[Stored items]
###

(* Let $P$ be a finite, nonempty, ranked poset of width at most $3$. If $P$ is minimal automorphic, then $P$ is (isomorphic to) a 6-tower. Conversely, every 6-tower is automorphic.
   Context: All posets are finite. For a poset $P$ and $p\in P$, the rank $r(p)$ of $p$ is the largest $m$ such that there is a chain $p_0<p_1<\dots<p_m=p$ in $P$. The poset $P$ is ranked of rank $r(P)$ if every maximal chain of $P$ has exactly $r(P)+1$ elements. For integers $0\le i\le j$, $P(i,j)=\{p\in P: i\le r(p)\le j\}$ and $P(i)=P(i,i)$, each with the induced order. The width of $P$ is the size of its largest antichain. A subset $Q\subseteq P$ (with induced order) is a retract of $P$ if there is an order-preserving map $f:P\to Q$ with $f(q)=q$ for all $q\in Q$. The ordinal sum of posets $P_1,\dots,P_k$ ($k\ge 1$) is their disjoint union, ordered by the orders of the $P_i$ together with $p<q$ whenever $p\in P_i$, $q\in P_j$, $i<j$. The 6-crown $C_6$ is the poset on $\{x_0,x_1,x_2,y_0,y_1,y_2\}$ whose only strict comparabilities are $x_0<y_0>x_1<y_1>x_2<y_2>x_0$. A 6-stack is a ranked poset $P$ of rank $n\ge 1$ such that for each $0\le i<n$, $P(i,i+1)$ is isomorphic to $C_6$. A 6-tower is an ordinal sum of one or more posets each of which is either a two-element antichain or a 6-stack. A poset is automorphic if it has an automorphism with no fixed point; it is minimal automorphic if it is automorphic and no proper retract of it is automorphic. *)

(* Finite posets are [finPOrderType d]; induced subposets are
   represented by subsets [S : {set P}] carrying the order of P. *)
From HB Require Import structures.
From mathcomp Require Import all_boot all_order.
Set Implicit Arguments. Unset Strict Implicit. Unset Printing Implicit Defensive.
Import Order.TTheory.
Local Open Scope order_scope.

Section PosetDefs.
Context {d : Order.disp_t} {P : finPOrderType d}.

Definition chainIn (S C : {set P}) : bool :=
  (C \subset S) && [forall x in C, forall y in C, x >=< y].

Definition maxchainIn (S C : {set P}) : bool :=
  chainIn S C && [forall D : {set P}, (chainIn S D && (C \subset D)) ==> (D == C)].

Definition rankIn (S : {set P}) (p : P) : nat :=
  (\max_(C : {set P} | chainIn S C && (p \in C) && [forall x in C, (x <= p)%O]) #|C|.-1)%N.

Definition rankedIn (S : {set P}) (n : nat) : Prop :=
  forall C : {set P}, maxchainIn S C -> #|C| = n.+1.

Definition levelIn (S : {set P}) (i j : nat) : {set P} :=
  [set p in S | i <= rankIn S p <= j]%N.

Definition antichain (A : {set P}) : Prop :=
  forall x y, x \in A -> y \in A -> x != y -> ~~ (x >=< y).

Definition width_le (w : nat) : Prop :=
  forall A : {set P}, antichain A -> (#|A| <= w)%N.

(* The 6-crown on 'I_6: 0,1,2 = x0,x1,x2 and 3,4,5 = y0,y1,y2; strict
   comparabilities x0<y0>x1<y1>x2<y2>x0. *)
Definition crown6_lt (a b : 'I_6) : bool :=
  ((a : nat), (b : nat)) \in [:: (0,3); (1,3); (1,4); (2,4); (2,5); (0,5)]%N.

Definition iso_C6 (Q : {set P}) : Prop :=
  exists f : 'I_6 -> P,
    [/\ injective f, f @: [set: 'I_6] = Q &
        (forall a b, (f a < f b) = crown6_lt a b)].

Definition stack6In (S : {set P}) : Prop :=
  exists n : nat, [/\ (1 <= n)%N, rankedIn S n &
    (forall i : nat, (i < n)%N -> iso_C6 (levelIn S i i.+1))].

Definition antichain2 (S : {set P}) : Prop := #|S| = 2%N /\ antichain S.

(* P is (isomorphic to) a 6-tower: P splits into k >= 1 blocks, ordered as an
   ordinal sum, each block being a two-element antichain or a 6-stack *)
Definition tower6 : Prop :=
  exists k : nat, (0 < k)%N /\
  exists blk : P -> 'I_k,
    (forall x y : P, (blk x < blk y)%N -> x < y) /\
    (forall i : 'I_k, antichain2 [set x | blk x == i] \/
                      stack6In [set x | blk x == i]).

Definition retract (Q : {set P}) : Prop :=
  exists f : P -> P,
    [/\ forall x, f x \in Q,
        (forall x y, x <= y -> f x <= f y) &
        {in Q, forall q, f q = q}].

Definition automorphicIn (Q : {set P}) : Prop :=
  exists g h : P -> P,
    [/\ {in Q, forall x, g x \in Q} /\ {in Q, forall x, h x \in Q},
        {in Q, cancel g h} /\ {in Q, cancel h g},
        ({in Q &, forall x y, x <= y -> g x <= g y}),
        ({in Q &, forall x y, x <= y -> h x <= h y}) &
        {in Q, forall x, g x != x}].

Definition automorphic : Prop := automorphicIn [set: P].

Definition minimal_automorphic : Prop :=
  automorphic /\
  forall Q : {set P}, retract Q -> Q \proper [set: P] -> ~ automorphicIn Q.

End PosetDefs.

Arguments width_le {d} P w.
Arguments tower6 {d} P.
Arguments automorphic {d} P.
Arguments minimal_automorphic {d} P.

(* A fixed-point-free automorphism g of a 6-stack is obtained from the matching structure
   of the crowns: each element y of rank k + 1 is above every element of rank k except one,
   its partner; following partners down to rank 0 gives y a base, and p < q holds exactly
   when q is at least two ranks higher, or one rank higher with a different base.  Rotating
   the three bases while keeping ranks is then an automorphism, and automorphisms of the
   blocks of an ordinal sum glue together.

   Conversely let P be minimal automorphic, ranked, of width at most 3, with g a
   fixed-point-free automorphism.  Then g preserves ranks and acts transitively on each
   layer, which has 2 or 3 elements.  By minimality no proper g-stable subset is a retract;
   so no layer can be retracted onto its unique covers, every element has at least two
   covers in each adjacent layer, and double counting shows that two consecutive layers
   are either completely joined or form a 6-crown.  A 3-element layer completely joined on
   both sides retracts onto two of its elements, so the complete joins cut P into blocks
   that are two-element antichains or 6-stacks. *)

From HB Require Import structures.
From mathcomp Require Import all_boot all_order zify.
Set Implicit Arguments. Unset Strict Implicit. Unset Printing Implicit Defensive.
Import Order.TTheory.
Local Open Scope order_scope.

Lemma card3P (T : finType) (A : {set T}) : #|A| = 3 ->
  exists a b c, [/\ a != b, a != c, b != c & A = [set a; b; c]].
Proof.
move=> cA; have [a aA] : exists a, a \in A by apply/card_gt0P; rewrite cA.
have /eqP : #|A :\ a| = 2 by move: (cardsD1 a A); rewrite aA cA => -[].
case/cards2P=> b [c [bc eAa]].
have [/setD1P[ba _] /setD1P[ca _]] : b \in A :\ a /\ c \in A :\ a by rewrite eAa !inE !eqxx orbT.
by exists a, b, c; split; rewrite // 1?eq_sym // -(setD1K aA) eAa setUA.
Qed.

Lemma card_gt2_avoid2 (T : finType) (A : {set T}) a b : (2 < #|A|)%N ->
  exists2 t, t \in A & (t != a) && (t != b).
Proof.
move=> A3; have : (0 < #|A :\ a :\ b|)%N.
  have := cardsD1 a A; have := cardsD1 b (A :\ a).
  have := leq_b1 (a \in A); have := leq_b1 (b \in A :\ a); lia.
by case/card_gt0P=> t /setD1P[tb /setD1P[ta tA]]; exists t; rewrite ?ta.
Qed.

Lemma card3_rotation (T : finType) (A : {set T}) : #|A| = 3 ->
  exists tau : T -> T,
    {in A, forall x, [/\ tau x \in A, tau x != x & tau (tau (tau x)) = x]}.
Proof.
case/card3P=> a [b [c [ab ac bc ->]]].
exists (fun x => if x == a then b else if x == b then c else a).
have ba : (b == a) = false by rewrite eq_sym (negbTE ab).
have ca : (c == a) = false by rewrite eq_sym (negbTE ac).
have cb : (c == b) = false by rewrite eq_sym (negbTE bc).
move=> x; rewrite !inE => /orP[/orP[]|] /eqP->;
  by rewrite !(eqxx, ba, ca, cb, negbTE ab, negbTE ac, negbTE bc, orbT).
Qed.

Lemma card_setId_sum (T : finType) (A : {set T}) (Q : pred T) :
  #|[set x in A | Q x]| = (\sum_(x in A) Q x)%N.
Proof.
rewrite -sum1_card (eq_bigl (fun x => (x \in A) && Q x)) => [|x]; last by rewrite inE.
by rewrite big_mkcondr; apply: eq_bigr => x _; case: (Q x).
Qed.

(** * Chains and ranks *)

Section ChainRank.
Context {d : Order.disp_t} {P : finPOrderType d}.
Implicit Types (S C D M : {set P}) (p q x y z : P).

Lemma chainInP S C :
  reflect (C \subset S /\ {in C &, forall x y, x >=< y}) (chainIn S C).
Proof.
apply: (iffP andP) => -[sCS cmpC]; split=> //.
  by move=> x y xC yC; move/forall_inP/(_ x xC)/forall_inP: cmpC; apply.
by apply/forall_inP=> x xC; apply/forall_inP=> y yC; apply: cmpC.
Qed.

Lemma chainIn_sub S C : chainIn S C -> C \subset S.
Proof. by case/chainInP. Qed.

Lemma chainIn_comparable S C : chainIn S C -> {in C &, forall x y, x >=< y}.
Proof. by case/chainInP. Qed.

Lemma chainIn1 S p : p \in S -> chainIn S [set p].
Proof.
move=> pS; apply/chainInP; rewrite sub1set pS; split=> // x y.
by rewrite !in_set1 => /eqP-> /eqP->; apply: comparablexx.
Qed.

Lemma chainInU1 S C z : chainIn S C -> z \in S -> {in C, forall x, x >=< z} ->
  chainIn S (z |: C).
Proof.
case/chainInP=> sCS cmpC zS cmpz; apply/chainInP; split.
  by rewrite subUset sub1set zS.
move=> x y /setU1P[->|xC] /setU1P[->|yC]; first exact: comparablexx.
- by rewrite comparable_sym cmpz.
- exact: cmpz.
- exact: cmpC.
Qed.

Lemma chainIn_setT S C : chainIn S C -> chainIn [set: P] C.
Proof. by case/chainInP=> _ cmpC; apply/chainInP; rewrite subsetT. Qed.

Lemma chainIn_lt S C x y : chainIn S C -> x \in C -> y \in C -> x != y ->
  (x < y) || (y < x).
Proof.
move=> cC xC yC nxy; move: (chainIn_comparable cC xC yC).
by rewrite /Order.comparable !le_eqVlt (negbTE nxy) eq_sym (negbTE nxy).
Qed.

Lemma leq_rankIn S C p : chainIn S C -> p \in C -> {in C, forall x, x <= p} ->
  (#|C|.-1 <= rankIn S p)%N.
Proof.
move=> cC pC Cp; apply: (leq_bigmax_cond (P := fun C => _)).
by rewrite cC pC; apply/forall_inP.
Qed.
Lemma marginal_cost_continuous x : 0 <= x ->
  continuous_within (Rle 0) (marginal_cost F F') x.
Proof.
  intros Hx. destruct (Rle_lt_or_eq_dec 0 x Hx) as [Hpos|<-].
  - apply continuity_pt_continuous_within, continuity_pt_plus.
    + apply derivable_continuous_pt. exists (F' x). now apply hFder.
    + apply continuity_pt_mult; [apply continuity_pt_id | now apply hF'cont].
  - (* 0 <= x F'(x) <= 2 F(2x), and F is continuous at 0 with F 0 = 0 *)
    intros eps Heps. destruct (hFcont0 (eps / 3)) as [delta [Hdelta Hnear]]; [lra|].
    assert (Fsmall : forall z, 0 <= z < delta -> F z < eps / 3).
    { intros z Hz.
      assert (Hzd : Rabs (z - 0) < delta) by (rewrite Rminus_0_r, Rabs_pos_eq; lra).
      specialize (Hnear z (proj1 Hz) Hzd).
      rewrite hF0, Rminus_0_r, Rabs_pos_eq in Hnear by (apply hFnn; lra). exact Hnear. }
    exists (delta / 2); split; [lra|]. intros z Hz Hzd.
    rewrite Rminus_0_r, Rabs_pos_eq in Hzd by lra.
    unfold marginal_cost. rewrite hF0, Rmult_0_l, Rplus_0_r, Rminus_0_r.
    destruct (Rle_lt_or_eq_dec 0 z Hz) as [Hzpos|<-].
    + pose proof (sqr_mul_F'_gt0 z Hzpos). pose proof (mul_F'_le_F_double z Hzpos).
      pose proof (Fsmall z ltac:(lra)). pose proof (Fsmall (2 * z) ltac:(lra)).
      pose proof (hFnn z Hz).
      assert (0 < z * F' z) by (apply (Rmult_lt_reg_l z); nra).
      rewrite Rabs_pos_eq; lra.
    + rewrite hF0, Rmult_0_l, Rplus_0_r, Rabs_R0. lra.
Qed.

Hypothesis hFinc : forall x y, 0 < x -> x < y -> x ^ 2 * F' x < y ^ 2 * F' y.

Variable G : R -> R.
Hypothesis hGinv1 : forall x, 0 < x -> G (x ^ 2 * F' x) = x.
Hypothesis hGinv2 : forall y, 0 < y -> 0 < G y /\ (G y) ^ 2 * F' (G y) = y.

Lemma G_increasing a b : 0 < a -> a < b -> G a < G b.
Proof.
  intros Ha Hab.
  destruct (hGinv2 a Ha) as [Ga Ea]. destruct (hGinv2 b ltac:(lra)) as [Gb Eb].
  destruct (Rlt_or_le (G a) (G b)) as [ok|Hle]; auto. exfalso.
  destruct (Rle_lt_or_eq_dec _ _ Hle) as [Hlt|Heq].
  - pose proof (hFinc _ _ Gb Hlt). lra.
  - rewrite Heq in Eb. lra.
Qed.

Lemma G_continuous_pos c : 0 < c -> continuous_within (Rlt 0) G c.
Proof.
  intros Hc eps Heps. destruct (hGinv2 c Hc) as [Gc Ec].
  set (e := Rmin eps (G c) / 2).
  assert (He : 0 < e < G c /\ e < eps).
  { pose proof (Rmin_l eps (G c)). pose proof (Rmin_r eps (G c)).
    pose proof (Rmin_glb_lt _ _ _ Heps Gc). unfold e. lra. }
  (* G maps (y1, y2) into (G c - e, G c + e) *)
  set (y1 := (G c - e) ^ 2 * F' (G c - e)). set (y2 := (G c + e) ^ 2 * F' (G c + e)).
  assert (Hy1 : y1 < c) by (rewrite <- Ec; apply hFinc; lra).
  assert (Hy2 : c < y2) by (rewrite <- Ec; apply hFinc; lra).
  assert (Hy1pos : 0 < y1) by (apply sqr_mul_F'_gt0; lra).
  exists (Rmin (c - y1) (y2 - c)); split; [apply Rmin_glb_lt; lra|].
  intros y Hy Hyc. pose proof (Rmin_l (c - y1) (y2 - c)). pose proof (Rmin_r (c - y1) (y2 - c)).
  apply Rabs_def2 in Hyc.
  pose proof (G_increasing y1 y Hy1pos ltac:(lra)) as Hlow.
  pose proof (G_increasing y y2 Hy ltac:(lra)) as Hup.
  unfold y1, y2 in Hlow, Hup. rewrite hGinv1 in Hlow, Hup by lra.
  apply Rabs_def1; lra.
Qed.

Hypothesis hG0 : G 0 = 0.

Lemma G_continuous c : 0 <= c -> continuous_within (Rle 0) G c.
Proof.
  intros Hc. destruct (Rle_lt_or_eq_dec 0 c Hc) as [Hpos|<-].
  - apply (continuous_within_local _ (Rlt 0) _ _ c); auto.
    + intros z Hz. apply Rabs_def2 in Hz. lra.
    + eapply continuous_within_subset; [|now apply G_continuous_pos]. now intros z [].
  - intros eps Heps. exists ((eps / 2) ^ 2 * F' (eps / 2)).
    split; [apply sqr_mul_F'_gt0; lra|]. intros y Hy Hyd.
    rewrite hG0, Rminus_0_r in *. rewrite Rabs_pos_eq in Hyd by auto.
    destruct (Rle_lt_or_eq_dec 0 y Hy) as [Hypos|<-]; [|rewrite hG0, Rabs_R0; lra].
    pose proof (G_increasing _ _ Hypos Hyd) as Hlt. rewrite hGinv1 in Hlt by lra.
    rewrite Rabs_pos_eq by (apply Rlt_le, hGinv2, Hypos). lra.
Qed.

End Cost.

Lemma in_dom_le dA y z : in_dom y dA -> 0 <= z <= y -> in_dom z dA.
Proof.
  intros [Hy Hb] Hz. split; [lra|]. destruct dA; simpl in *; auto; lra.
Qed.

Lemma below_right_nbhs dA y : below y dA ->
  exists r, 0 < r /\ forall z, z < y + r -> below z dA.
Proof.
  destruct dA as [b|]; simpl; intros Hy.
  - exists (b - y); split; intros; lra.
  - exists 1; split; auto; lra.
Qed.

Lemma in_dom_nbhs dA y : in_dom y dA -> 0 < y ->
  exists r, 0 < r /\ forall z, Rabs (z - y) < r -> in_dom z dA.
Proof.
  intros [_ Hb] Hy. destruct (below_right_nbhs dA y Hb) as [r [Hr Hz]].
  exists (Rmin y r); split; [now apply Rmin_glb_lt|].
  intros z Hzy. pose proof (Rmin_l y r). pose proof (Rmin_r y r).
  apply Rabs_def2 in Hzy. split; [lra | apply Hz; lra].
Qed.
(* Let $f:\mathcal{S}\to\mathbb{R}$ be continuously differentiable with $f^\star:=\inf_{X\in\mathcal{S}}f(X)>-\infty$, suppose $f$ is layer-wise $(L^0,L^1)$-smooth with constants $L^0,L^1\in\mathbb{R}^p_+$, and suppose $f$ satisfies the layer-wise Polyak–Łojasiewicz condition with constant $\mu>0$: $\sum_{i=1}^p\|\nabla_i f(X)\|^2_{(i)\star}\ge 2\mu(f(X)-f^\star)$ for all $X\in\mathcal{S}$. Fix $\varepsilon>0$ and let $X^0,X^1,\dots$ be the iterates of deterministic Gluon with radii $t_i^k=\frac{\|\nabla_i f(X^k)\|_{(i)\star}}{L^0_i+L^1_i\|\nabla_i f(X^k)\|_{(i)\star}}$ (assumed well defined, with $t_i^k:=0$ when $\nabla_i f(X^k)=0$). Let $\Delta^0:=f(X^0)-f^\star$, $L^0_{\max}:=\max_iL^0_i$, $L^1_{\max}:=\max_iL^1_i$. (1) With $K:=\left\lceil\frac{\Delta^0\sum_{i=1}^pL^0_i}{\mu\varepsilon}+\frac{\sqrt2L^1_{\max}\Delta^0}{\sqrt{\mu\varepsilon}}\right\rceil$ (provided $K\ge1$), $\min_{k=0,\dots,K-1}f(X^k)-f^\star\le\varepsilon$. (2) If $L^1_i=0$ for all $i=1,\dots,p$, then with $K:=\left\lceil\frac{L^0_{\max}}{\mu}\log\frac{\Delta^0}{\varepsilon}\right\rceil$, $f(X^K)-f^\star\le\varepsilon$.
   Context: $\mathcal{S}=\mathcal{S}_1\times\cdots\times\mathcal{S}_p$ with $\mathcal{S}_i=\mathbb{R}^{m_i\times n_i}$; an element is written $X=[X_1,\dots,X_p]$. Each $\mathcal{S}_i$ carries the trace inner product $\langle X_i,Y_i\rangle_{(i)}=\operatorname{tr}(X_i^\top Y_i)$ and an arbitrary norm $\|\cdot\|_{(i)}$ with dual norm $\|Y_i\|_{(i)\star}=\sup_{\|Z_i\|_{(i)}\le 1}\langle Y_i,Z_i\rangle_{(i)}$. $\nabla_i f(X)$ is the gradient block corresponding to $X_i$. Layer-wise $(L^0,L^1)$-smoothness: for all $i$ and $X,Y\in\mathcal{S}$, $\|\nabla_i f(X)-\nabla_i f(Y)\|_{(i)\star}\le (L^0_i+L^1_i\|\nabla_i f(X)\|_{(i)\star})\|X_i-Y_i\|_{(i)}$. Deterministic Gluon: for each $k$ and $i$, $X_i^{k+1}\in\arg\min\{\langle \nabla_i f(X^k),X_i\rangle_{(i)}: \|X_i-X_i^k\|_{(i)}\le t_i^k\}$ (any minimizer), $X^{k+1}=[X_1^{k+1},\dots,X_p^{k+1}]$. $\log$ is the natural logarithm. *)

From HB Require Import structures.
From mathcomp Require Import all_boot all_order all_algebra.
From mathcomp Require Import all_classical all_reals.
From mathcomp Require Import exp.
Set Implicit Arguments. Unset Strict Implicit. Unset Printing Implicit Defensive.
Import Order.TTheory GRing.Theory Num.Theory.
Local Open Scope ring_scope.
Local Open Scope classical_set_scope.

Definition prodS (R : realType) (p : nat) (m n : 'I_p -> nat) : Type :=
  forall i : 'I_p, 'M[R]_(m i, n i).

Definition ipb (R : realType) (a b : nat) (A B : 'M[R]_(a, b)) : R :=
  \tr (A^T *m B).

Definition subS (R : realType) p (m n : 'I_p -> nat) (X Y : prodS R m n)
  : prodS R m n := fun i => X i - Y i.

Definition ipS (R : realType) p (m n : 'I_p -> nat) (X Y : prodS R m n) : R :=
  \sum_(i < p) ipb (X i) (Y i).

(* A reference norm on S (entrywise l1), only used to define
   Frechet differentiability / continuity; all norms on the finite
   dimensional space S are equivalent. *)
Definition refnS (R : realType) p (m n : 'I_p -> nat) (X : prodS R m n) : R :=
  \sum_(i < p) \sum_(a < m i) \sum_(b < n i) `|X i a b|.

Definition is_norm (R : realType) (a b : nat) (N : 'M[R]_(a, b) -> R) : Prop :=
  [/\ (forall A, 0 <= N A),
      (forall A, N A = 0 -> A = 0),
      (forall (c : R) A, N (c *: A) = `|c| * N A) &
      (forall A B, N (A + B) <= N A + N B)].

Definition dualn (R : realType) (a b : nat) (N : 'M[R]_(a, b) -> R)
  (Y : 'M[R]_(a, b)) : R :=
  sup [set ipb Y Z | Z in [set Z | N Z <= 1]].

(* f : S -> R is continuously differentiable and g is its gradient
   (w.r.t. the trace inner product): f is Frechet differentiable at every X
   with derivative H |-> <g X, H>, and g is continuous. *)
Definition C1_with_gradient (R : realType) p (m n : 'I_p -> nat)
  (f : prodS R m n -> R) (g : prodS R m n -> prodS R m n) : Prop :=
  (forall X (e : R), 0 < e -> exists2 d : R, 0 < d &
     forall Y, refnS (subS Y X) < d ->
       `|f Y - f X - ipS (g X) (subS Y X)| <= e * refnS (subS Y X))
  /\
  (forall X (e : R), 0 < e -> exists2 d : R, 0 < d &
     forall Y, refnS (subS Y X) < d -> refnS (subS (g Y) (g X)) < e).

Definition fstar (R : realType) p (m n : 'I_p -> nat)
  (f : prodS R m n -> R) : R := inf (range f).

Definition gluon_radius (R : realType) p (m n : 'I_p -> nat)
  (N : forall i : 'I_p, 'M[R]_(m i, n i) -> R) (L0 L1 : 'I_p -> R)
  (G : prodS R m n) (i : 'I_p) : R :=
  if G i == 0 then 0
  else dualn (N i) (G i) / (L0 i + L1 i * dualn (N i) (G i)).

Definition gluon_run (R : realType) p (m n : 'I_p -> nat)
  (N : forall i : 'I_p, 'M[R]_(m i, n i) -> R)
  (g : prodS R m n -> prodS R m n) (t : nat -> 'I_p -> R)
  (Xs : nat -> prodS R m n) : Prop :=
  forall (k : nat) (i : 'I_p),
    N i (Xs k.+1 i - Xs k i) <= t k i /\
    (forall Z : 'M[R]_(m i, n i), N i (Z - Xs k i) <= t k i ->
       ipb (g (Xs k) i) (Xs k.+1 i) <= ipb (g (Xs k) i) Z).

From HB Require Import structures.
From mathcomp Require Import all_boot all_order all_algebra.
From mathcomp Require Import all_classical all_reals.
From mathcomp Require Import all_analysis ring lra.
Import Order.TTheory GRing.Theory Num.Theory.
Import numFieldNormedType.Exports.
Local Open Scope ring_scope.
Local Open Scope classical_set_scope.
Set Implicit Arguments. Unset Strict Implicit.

###

** WORK TASK **
The answer must be every line from the records above that contains the word "rankedIn", copied out.

** RESULT FOR THIS EXERCISE **
Definition rankedIn (S : {set P}) (n : nat) : Prop :=
  exists n : nat, [/\ (1 <= n)%N, rankedIn S n &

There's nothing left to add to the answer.